Reproductive hormones & eating behavior

Estradiol & progesterone

Estradiol plays a role in normal food intake, with data across animal species showing an inhibiting effect of estradiol [1012]. In women, food intake decreases throughout the follicular phase of the menstrual cycle and is lowest during periovulation when estradiol concentrations are at their highest [1316]. In rodents, food intake decreases the night following the LH surge, corresponding to the night of ovulation and estrus [13,17]. Estradiol concentrations are at their highest immediately prior to the LH surge and lowest during estrus [18]. However, the physiological effects of estradiol can last more than 12 h, so the decrease in food intake prior to the LH surge may be due to the preceding increase in estradiol [13].

Providing more substantial evidence for the role of estrogens in food intake, animals that are ovariectomized (ovaries removed) exhibit an increase in food intake, which is reversed with the administration of estradiol [19,20]. The inhibitory effect of estradiol is only present post-pubertally [21,22], and the decrease in food intake results from changes in meal size (compared with a decrease in number of meals), suggesting that estradiol may advance the onset of satiety [11,23].

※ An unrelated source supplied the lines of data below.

(* Let $C\subseteq\mathbb{F}_q^n$ be a constant weight linear code with parity check matrix $H_C$ and associated matroid $\Delta=\Delta(H_C)$, and let $C'$ be a subcode of $C$ with parity check matrix $H_{C'}$ and associated matroid $\Delta'=\Delta(H_{C'})$ (both on the ground set $\{1,\dots,n\}$). If $\sigma\subseteq\mathrm{Supp}(C')$, then $\Delta'|_\sigma=\Delta|_\sigma$. In particular, for every $i$, the $\mathbb{N}^n$-graded Betti numbers satisfy $\beta_{i,\sigma}(R(C'))=\beta_{i,\sigma}(R(C))$.
   Context: A constant weight code is a linear code whose non-zero codewords all have the same number of non-zero coordinates; a subcode is a linear subspace; $\mathrm{Supp}(D)=\{x:\exists d\in D,\ d_x\neq0\}$. For a linear code $D\subseteq\mathbb{F}_q^n$ of dimension $m$, a parity check matrix $H_D$ is an $(n-m)\times n$ matrix with $c\in D$ iff $cH_D^t=0$; $\Delta(H_D)$ is the matroid on $\{1,\dots,n\}$ whose independent sets are the index sets of linearly independent columns of $H_D$, regarded as a simplicial complex; $\Delta|_\sigma$ is the restriction $\{\tau\in\Delta:\tau\subseteq\sigma\}$. For a field $\mathbb{K}$ and $S=\mathbb{K}[x_1,\dots,x_n]$, $R(D)=S/I_{\Delta(H_D)}$ where $I_\Delta=\langle\prod_{e\in\tau}x_e:\tau\notin\Delta\rangle$ is the Stanley-Reisner ideal; $\beta_{i,\sigma}$ (for $\sigma\subseteq\{1,\dots,n\}$, identified with its $0/1$ indicator vector in $\mathbb{N}^n$) is the number of copies of $S(-\sigma)$ in the $i$-th module of the minimal $\mathbb{N}^n$-graded free resolution of $R(D)$. *)

From HB Require Import structures.
From mathcomp Require Import all_boot all_order all_algebra all_field.
Set Implicit Arguments. Unset Strict Implicit. Unset Printing Implicit Defensive.
Import GRing.Theory.
Local Open Scope ring_scope.

(* A linear code D of F^n is represented as the row space of a matrix
   (a generator matrix) D : 'M[F]_(k, n); c \in D  is  (c <= D)%MS. *)

Definition wt (F : fieldType) (n : nat) (c : 'rV[F]_n) : nat :=
  #|[set j : 'I_n | c 0 j != 0]|.

Definition constant_weight (F : fieldType) (n k : nat) (D : 'M[F]_(k, n)) : Prop :=
  exists w : nat, forall c : 'rV[F]_n, (c <= D)%MS -> c != 0 -> wt c = w.

Definition is_parity_check (F : fieldType) (n k r : nat)
    (D : 'M[F]_(k, n)) (H : 'M[F]_(r, n)) : Prop :=
  (r + \rank D)%N = n /\
  forall c : 'rV[F]_n, (c <= D)%MS <-> c *m H^T = 0.

Definition supp (F : finFieldType) (n k : nat) (D : 'M[F]_(k, n)) : {set 'I_n} :=
  [set x : 'I_n | [exists d : 'rV[F]_n, (d <= D)%MS && (d 0 x != 0)]].

Definition indep_cols (F : fieldType) (n r : nat) (H : 'M[F]_(r, n))
    (tau : {set 'I_n}) : bool :=
  \rank (colsub (fun i : 'I_#|tau| => enum_val i) H) == #|tau|.

Definition matroid (F : fieldType) (n r : nat) (H : 'M[F]_(r, n))
    : {set {set 'I_n}} :=
  [set tau : {set 'I_n} | indep_cols H tau].

Definition restrict (n : nat) (D : {set {set 'I_n}}) (sigma : {set 'I_n})
    : {set {set 'I_n}} :=
  [set tau in D | tau \subset sigma].

(* beta_{i,sigma}(K[D]) = dim_K Tor_i^S(K[D], K)_sigma, computed by the Koszul
   complex K(x_1..x_n) (x) K[D] in multidegree sigma (a 0/1 vector).
   Its degree-i part has K-basis  e_tau (x) x^(sigma \ tau)  with tau \subset sigma,
   #|tau| = i and x^(sigma\tau) <> 0 in K[D], i.e. sigma \ tau a face of D. *)
Definition kbasis (n : nat) (D : {set {set 'I_n}}) (sigma : {set 'I_n}) (i : nat)
    : {set {set 'I_n}} :=
  [set tau : {set 'I_n} | [&& tau \subset sigma, #|tau| == i & (sigma :\: tau) \in D]].

Definition ksign (K : fieldType) (n : nat) (tau : {set 'I_n}) (j : 'I_n) : K :=
  (-1) ^+ #|[set k in tau | (k < j)%N]|.

(* coefficient of e_u (x) x^(sigma\u) in d(e_tau (x) x^(sigma\tau)) *)
Definition kcoef (K : fieldType) (n : nat) (tau u : {set 'I_n}) : K :=
  \sum_(j in tau) (if u == tau :\ j then ksign K tau j else 0).

(* Koszul differential from homological degree i to i-1 (row convention). *)
Definition kdiff (K : fieldType) (n : nat) (D : {set {set 'I_n}})
    (sigma : {set 'I_n}) (i : nat)
    : 'M[K]_(#|kbasis D sigma i|, #|kbasis D sigma i.-1|) :=
  \matrix_(a, b)
    (if i is 0 then 0
     else kcoef K (enum_val (A := kbasis D sigma i) a)
                  (enum_val (A := kbasis D sigma i.-1) b)).

(* beta_{i,sigma}(K[D]) = dim ker d_i - rank d_{i+1}. *)
Definition betti (K : fieldType) (n : nat) (D : {set {set 'I_n}})
    (sigma : {set 'I_n}) (i : nat) : nat :=
  (#|kbasis D sigma i| - \rank (kdiff K D sigma i) - \rank (kdiff K D sigma i.+1))%N.

(* Double counting over F_q shows that a linear code D with support s satisfies
   q * (sum of the weights of its codewords) = (q - 1) * |D| * |s|.  For a constant
   weight code of weight w > 0 this determines |D| from s.  So if a codeword c of C
   is supported in Supp(C'), then C' + <c> has the support and the weight of C',
   hence the cardinality of C', and c lies in C'.  Thus C and C' have the same
   codewords supported in any tau inside Supp(C'); as the columns of a parity check
   matrix indexed by tau are independent iff no nonzero codeword is supported in
   tau, the two matroids agree below sigma.  The Koszul complex computing
   beta_(i, sigma) only sees faces inside sigma. *)

From HB Require Import structures.
From mathcomp Require Import all_boot all_order all_algebra all_field zify.
From Stdlib Require Import FunctionalExtensionality.
Set Implicit Arguments. Unset Strict Implicit. Unset Printing Implicit Defensive.
Import GRing.Theory.
Local Open Scope ring_scope.

Lemma kbasis_restrict n (D : {set {set 'I_n}}) sigma :
  kbasis (restrict D sigma) sigma = kbasis D sigma.
Proof.
apply: functional_extensionality => i; apply/setP => tau.
by rewrite !inE subsetDl andbT.
Qed.

Lemma betti_restrict (K : fieldType) n (D : {set {set 'I_n}}) sigma i :
  betti K (restrict D sigma) sigma i = betti K D sigma i.
Proof. by rewrite /betti /kdiff kbasis_restrict. Qed.

Definition rsupp (R : nzRingType) n (c : 'rV[R]_n) : {set 'I_n} :=
  [set j | c 0 j != 0].

Lemma wt_eq0 (F : fieldType) n (c : 'rV[F]_n) : (wt c == 0%N) = (c == 0).
Proof.
rewrite cards_eq0; apply/eqP/eqP => [c0 | ->]; last by apply/setP => j; rewrite !inE mxE eqxx.
by apply/rowP => j; apply/eqP; move/setP: c0 => /(_ j); rewrite !inE mxE => /negbFE.
Qed.

Lemma weight_count_card_inj (q w s N1 N2 : nat) :
  (0 < q * w)%N -> (0 < N1)%N -> (0 < N2)%N ->
  (q * (w * (N1 - 1)) = (q - 1) * N1 * s)%N ->
  (q * (w * (N2 - 1)) = (q - 1) * N2 * s)%N -> N1 = N2.
Proof.
move=> qw_gt0 N1_gt0 N2_gt0.
rewrite mulnA -mulnAC mulnBr muln1 => e1.
rewrite mulnA -mulnAC mulnBr muln1 => e2.
have e1' : (N1 * (q * w - (q - 1) * s) = q * w)%N by nia.
have e2' : (N2 * (q * w - (q - 1) * s) = q * w)%N by nia.
nia.
Qed.

Section Codewords.
Variables (F : finFieldType) (n : nat).

Definition codewords k (D : 'M[F]_(k, n)) : {set 'rV[F]_n} := [set d | (d <= D)%MS].

Lemma codewords0 k (D : 'M[F]_(k, n)) : 0 \in codewords D.
Proof. by rewrite inE sub0mx. Qed.

Lemma card_codewords_gt0 k (D : 'M[F]_(k, n)) : (0 < #|codewords D|)%N.
Proof. by apply/card_gt0P; exists 0; rewrite codewords0. Qed.

Lemma supp_addsmx k1 k2 (A : 'M[F]_(k1, n)) (B : 'M[F]_(k2, n)) :
  supp (A + B)%MS = supp A :|: supp B.
Proof.
apply/setP => x; rewrite !inE; apply/existsP/orP => [[d /andP[]] | ].
  case/sub_addsmxP => -[a b] /= ->; rewrite mxE.
  case: (eqVneq ((a *m A) 0 x) 0) => [-> | ax _].
    by rewrite add0r => bx; right; apply/existsP; exists (b *m B); rewrite submxMl.
  by left; apply/existsP; exists (a *m A); rewrite submxMl.
case=> /existsP[d /andP[dS dx]]; exists d; rewrite dx andbT (submx_trans dS) //.
  exact: addsmxSl.
exact: addsmxSr.
Qed.

Lemma supp_row (c : 'rV[F]_n) : supp c = rsupp c.
Proof.
apply/setP => x; rewrite !inE; apply/existsP/idP => [[d /andP[/sub_rVP[a ->]]] | cx].
  by rewrite mxE; apply: contraNneq => ->; rewrite mulr0.
by exists c; rewrite submx_refl.
Qed.

Lemma card_codewords_nz k (D : 'M[F]_(k, n)) j : j \in supp D ->
  (#|F| * #|[set d in codewords D | (d 0 j != 0)%R]| = (#|F| - 1) * #|codewords D|)%N.
Proof.
(* The codewords are the z + a u, with z vanishing at j, a in F and u j = 1. *)
rewrite inE => /existsP[d0 /andP[d0D d0j]].
have [u uD uj] : exists2 u : 'rV[F]_n, (u <= D)%MS & u 0 j = 1.
  by exists ((d0 0 j)^-1 *: d0); rewrite ?scalemx_sub // mxE mulVf.
pose Z := [set d in codewords D | d 0 j == 0].
have cardD : #|codewords D| = (#|F| * #|Z|)%N.
  have -> : codewords D = [set p.2 + p.1 *: u | p in setX [set: F] Z].
    apply/setP => d; rewrite inE; apply/idP/imsetP => [dD | [[a z]]].
      exists (d 0 j, d - d 0 j *: u); rewrite ?addrNK // !inE.
      by rewrite addmx_sub ?eqmx_opp ?scalemx_sub //= !mxE uj mulr1 subrr.
    by rewrite !inE => /andP[_ /andP[zD _]] ->; rewrite addmx_sub ?scalemx_sub.
  rewrite -[#|F|]cardsT -cardsX card_in_imset // => -[a z] [b y].
  rewrite !inE /= => /andP[_ /eqP zj] /andP[_ /eqP yj] E.
  have ab : a = b by move/rowP/(_ j): E; rewrite !mxE uj !mulr1 zj yj !add0r.
  by move: E; rewrite ab => /addIr ->.
have cardNZ : #|[set d in codewords D | (d 0 j != 0)%R]| = (#|codewords D| - #|Z|)%N.
  have -> : #|Z| = #|codewords D :&: [set d : 'rV[F]_n | d 0 j == 0]|.
    by apply: eq_card => d; rewrite !inE.
  rewrite -(cardsID [set d : 'rV[F]_n | d 0 j == 0] (codewords D)) addKn.
  by apply: eq_card => d; rewrite !inE andbC.
by rewrite cardNZ cardD mulnBr mulnBl mul1n mulnA.
Qed.

Lemma sum_wt_codewords k (D : 'M[F]_(k, n)) :
  (#|F| * \sum_(d in codewords D) wt d = (#|F| - 1) * #|codewords D| * #|supp D|)%N.
Proof.
have -> : (\sum_(d in codewords D) wt d =
           \sum_j #|[set d in codewords D | (d 0 j != 0)%R]|)%N.
  under eq_bigr do rewrite /wt -sum1dep_card.
  under [RHS]eq_bigr do rewrite -sum1dep_card.
  by rewrite (exchange_big_dep xpredT).
rewrite big_distrr /= (bigID (mem (supp D))) /=.
rewrite [X in (_ + X)%N]big1 ?addn0 => [|j jNsupp].
  rewrite (eq_bigr _ (fun j => card_codewords_nz (D := D) (j := j))).
  by rewrite sum_nat_const mulnC.
apply/eqP; rewrite muln_eq0 cards_eq0; apply/orP; right; apply/eqP/setP => d.
rewrite !inE; apply: contraNF jNsupp => /andP[dD dj].
by rewrite inE; apply/existsP; exists d; rewrite dD.
Qed.

Lemma sum_wt_codewords_const k (D : 'M[F]_(k, n)) w :
    (forall c : 'rV[F]_n, (c <= D)%MS -> c != 0 -> wt c = w) ->
  (\sum_(d in codewords D) wt d = w * (#|codewords D| - 1))%N.
Proof.
move=> D_wt; have wt0 : wt (0 : 'rV[F]_n) = 0%N by apply/eqP; rewrite wt_eq0.
rewrite (bigD1 0) ?codewords0 //= wt0 add0n (eq_bigr (fun=> w)) => [|d /andP[]]; last first.
  by rewrite inE; exact: D_wt.
rewrite sum_nat_const mulnC [#|codewords D|](cardD1 0) codewords0 add1n subn1 /=; congr (_ * _)%N.
by apply: eq_card => d; rewrite [RHS]inE /= andbC.
Qed.

Lemma constant_weight_sub_supp k k' (C : 'M[F]_(k, n)) (C' : 'M[F]_(k', n))
    (c : 'rV[F]_n) :
  constant_weight C -> (C' <= C)%MS -> (c <= C)%MS -> rsupp c \subset supp C' ->
  (c <= C')%MS.
Proof.
move=> [w C_wt] sC'C cC c_supp; have [-> | c_nz] := eqVneq c 0; first exact: sub0mx.
have w_gt0 : (0 < w)%N by rewrite lt0n -(C_wt c cC c_nz) wt_eq0.
pose C'c := (C' + c)%MS.
have C'c_wt d : (d <= C'c)%MS -> d != 0 -> wt d = w.
  by move=> dC'c; apply: C_wt; rewrite (submx_trans dC'c) // addsmx_sub sC'C cC.
have C'_wt d : (d <= C')%MS -> d != 0 -> wt d = w.
  by move=> dC'; apply: C'c_wt; rewrite (submx_trans dC') ?addsmxSl.
have suppC'c : supp C'c = supp C' by rewrite supp_addsmx supp_row; apply/setUidPl.
have sub_codewords : codewords C' \subset codewords C'c.
  by apply/subsetP => d; rewrite !inE => dC'; rewrite (submx_trans dC') ?addsmxSl.
have cardE : #|codewords C'| = #|codewords C'c|.
  apply: (@weight_count_card_inj #|F| w #|supp C'|); rewrite ?card_codewords_gt0 //.
  - by rewrite muln_gt0 w_gt0 andbT; apply/card_gt0P; exists 0.
  - by rewrite -(sum_wt_codewords_const C'_wt) sum_wt_codewords.
  by rewrite -(sum_wt_codewords_const C'c_wt) sum_wt_codewords suppC'c.
have : c \in codewords C'c by rewrite inE addsmxSr.
have -> : codewords C'c = codewords C'.
  by apply/esym/eqP; rewrite eqEcard sub_codewords cardE leqnn.
by rewrite inE.
Qed.

End Codewords.

Section IndepCols.
Variables (F : fieldType) (n : nat) (tau : {set 'I_n}).

Let f : 'I_#|tau| -> 'I_n := enum_val.
(* The row vector u indexed by tau, extended by zeros outside tau. *)
Let ext (u : 'rV[F]_#|tau|) : 'rV[F]_n := u *m rowsub f 1%:M.

Lemma zero_extend_enum_val u t : ext u 0 (f t) = u 0 t.
Proof.
rewrite !mxE (bigD1 t) //= big1 ?addr0 => [|s st]; rewrite !mxE ?eqxx ?mulr1 //.
by rewrite (inj_eq enum_val_inj) (negbTE st) mulr0.
Qed.

Lemma zero_extend_notin u x : x \notin tau -> ext u 0 x = 0.
Proof.
move=> xNtau; rewrite !mxE big1 // => t _; rewrite !mxE.
case: eqP => [xE | _]; last by rewrite mulr0.
by rewrite -xE enum_valP in xNtau.
Qed.

Lemma rsupp_zero_extend u : rsupp (ext u) \subset tau.
Proof. by apply/subsetP => x; rewrite inE; apply: contraR => /zero_extend_notin ->. Qed.

Lemma zero_extend_colsub (c : 'rV[F]_n) : rsupp c \subset tau -> ext (colsub f c) = c.
Proof.
move=> /subsetP c_tau; apply/rowP => x; case: (boolP (x \in tau)) => [x_tau | xNtau].
  by rewrite -(enum_rankK_in x_tau x_tau) zero_extend_enum_val mxE.
rewrite zero_extend_notin //; apply/esym/eqP; apply: contraR xNtau => cx.
by apply: c_tau; rewrite inE.
Qed.

Lemma indep_colsP r (H : 'M[F]_(r, n)) :
  reflect (forall c : 'rV[F]_n, c *m H^T = 0 -> rsupp c \subset tau -> c = 0)
          (indep_cols H tau).
Proof.
rewrite /indep_cols -mxrank_tr trmx_mxsub /= rowsubE -/(row_free _).
apply: (iffP idP) => [free_tau c cH c_tau | H_tau].
  have cE : colsub f c *m rowsub f 1%:M = c := zero_extend_colsub c_tau.
  rewrite -cE; suff -> : colsub f c = 0 by rewrite mul0mx.
  by apply: (row_free_inj free_tau); rewrite mul0mx mulmxA cE.
apply: inj_row_free => u; rewrite mulmxA => uH; apply/rowP => t.
by rewrite -[u 0 t]zero_extend_enum_val /ext (H_tau _ uH (rsupp_zero_extend u)) !mxE.
Qed.

End IndepCols.

Lemma parity_check_indepP (F : fieldType) n k r (D : 'M[F]_(k, n)) (H : 'M[F]_(r, n))
    (tau : {set 'I_n}) :
  is_parity_check D H ->
  reflect (forall c : 'rV[F]_n, (c <= D)%MS -> rsupp c \subset tau -> c = 0)
          (indep_cols H tau).
Proof.
move=> [_ DH]; apply: (iffP (indep_colsP _ H)) => tau_indep c /DH; exact: tau_indep.
Qed.

Theorem lemma3 (F : finFieldType) (n k k' r r' : nat)
    (C : 'M[F]_(k, n)) (C' : 'M[F]_(k', n))
    (HC : 'M[F]_(r, n)) (HC' : 'M[F]_(r', n)) :
  constant_weight C ->
  is_parity_check C HC ->
  (C' <= C)%MS ->
  is_parity_check C' HC' ->
  forall sigma : {set 'I_n}, sigma \subset supp C' ->
    restrict (matroid HC') sigma = restrict (matroid HC) sigma /\
    (forall (K : fieldType) (i : nat),
        betti K (matroid HC') sigma i = betti K (matroid HC) sigma i).
Proof.
move=> cwC pC sC'C pC' sigma sigma_supp.
have restrictE : restrict (matroid HC') sigma = restrict (matroid HC) sigma.
  apply/setP => tau; rewrite !inE; have [tau_sigma | _] := boolP (tau \subset sigma).
    rewrite !andbT; apply/(parity_check_indepP _ pC')/(parity_check_indepP _ pC).
    + move=> tau_indep c cC c_tau; apply: (tau_indep _ _ c_tau).
      apply: constant_weight_sub_supp cwC sC'C cC _.
      exact: subset_trans c_tau (subset_trans tau_sigma sigma_supp).
    + by move=> tau_indep c cC'; apply: tau_indep; apply: submx_trans cC' sC'C.
  by rewrite !andbF.
by split=> // K i; rewrite -betti_restrict restrictE betti_restrict.
Qed.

In contrast to estradiol, ovariectomized rodents and healthy women exhibit no changes in food intake when treated with progesterone alone [11,24]. During the premenstrual period, when progesterone concentrations are high, a peak in food intake is observed in women [14]. However, this occurs only in the presence of estrogens. Thus, it appears that progesterone does not have a direct effect on food intake [24,25]; rather, it is a neutral antagonist to the effects of estradiol, only increasing food intake in the presence of estradiol [12,25] by blocking its inhibitory effects. Thus, in the luteal phase, it is progesterone’s antagonism of estradiol that increases food intake rather than the luteal phase increase in progesterone per se [12].

Testosterone

In contrast to estradiol, testosterone stimulates food intake by increasing the number of meals rather than the size of the meal [13,26]. In addition, neonatal exposure to testosterone in female mice enhances food intake during adulthood [27], likely through the prenatal organization of neural circuits. However, compared with estradiol and progesterone, much less is known about testosterone’s role in stimulating food intake [13].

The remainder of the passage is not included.